═════ Data to examine ═════
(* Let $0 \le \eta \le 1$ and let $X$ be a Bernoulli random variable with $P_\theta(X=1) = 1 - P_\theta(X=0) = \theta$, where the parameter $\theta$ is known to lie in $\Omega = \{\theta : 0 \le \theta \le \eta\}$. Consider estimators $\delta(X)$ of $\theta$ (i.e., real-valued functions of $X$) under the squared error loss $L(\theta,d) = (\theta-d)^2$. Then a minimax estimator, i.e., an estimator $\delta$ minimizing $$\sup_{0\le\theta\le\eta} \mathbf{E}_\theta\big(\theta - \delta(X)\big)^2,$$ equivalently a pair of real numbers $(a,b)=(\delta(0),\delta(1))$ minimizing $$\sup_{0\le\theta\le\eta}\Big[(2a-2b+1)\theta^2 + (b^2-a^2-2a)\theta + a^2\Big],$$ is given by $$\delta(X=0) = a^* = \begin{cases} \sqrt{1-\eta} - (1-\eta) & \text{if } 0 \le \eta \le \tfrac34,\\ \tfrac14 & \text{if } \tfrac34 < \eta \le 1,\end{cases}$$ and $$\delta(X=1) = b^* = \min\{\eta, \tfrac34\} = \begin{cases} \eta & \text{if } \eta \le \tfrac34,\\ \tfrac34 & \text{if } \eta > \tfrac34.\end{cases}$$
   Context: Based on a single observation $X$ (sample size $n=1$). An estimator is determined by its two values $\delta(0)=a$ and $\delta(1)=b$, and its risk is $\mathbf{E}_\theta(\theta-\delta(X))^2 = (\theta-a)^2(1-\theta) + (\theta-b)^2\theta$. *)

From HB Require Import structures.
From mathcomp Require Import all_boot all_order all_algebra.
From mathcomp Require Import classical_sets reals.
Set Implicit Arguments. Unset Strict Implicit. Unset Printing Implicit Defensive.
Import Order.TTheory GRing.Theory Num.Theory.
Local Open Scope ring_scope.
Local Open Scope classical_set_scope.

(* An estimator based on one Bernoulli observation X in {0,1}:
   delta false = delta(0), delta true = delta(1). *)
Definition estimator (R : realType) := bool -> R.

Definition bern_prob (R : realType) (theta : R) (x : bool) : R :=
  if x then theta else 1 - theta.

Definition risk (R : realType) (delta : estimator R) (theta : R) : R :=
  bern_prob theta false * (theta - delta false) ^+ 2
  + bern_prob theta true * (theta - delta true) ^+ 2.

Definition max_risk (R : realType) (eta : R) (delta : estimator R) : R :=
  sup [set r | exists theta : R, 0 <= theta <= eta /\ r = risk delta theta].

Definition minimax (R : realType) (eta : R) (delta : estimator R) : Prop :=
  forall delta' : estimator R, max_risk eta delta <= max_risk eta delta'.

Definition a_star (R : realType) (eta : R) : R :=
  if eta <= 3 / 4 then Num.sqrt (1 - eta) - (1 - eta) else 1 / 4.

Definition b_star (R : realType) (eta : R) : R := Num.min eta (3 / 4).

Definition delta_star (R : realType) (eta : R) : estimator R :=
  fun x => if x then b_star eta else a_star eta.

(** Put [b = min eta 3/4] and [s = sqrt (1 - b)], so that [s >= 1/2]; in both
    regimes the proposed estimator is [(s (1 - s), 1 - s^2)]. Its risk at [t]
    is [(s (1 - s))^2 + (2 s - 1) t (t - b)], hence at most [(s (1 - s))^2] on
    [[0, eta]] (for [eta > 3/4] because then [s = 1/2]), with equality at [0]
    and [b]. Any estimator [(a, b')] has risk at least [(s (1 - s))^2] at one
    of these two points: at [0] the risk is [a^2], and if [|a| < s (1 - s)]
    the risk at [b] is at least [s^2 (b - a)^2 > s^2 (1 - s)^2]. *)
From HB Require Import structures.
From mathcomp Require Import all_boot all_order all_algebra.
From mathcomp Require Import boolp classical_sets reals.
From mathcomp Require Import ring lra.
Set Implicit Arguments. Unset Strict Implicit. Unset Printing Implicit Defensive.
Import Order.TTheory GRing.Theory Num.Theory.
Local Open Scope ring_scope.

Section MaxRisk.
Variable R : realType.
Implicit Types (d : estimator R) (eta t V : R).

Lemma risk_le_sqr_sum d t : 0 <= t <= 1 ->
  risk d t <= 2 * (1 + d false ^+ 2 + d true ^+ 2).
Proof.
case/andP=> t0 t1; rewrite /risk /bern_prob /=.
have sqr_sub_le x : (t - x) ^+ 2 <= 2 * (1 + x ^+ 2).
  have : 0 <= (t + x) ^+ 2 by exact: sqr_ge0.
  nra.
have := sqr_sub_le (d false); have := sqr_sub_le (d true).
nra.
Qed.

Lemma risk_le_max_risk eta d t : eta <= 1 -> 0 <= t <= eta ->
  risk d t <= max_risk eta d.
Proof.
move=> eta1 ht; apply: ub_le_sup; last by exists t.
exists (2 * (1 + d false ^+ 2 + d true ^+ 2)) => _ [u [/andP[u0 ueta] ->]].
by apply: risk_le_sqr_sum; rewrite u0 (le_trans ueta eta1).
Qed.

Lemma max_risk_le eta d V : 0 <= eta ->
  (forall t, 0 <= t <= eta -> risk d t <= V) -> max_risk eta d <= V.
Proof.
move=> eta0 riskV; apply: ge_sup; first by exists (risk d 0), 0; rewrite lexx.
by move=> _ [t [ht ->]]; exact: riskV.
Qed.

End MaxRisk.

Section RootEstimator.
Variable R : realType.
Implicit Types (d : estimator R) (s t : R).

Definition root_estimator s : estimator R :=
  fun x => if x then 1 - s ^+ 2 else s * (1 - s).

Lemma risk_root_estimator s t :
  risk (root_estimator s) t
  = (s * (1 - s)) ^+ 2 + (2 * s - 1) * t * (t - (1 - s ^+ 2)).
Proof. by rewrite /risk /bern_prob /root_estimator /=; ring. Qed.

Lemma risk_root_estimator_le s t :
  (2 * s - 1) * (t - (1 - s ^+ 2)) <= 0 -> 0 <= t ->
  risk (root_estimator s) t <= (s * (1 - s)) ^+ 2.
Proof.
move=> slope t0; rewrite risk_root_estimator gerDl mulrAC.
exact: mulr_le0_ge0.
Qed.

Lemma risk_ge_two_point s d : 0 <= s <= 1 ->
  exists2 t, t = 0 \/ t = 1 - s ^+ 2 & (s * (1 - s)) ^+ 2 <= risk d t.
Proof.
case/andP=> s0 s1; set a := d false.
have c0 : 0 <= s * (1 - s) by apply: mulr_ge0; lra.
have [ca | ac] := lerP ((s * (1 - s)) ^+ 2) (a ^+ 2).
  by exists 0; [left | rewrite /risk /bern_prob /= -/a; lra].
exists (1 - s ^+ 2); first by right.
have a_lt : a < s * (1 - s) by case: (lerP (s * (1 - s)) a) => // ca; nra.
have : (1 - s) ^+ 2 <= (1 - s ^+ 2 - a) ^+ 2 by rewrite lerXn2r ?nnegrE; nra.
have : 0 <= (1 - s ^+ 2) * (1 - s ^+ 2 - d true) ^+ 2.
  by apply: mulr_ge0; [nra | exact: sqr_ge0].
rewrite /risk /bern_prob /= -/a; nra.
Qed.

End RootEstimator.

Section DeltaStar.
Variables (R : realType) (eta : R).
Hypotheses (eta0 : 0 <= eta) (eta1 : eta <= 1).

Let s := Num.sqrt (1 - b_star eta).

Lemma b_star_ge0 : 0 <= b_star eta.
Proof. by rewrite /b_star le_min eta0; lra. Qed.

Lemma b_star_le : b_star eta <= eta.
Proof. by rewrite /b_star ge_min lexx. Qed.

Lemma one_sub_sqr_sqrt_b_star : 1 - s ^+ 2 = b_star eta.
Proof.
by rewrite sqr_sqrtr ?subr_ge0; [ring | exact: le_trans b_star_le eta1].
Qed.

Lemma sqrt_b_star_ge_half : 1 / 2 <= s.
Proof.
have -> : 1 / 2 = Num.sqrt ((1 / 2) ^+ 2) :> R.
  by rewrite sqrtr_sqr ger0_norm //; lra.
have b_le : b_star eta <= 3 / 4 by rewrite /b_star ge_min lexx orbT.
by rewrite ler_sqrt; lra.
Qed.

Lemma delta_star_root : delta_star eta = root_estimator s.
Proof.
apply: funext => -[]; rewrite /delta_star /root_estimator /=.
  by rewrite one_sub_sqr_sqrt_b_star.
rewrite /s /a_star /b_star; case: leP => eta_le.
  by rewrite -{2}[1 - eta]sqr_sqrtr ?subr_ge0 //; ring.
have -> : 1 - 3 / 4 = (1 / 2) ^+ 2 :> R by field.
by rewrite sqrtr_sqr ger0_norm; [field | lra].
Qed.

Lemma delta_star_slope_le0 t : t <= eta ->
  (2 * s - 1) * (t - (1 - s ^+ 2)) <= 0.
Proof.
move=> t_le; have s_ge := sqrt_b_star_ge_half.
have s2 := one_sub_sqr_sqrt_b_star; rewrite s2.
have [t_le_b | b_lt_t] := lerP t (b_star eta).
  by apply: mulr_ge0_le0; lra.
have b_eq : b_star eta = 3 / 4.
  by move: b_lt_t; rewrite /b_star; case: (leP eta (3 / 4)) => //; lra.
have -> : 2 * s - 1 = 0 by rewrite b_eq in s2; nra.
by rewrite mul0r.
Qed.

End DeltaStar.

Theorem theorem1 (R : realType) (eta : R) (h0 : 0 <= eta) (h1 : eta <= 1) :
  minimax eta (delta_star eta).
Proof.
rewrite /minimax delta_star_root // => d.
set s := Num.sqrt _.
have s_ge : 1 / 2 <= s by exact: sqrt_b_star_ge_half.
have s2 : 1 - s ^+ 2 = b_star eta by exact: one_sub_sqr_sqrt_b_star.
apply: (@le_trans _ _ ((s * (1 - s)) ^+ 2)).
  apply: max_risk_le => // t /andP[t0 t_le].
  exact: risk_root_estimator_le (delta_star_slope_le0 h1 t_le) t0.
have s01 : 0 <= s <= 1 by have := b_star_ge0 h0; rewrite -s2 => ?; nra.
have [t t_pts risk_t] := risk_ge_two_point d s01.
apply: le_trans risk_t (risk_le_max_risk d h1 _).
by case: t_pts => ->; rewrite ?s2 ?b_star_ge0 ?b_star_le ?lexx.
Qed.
═════
** Task to complete **
All that belongs in your answer is the stretch of entries above from the line with "move=> slope t0;" through the line with "Variables (R : realType) (eta : R).", printed exactly.

** Result of this exercise **
move=> slope t0; rewrite risk_root_estimator gerDl mulrAC.
exact: mulr_le0_ge0.
Qed.

Lemma risk_ge_two_point s d : 0 <= s <= 1 ->
  exists2 t, t = 0 \/ t = 1 - s ^+ 2 & (s * (1 - s)) ^+ 2 <= risk d t.
Proof.
case/andP=> s0 s1; set a := d false.
have c0 : 0 <= s * (1 - s) by apply: mulr_ge0; lra.
have [ca | ac] := lerP ((s * (1 - s)) ^+ 2) (a ^+ 2).
  by exists 0; [left | rewrite /risk /bern_prob /= -/a; lra].
exists (1 - s ^+ 2); first by right.
have a_lt : a < s * (1 - s) by case: (lerP (s * (1 - s)) a) => // ca; nra.
have : (1 - s) ^+ 2 <= (1 - s ^+ 2 - a) ^+ 2 by rewrite lerXn2r ?nnegrE; nra.
have : 0 <= (1 - s ^+ 2) * (1 - s ^+ 2 - d true) ^+ 2.
  by apply: mulr_ge0; [nra | exact: sqr_ge0].
rewrite /risk /bern_prob /= -/a; nra.
Qed.

End RootEstimator.

Section DeltaStar.
Variables (R : realType) (eta : R).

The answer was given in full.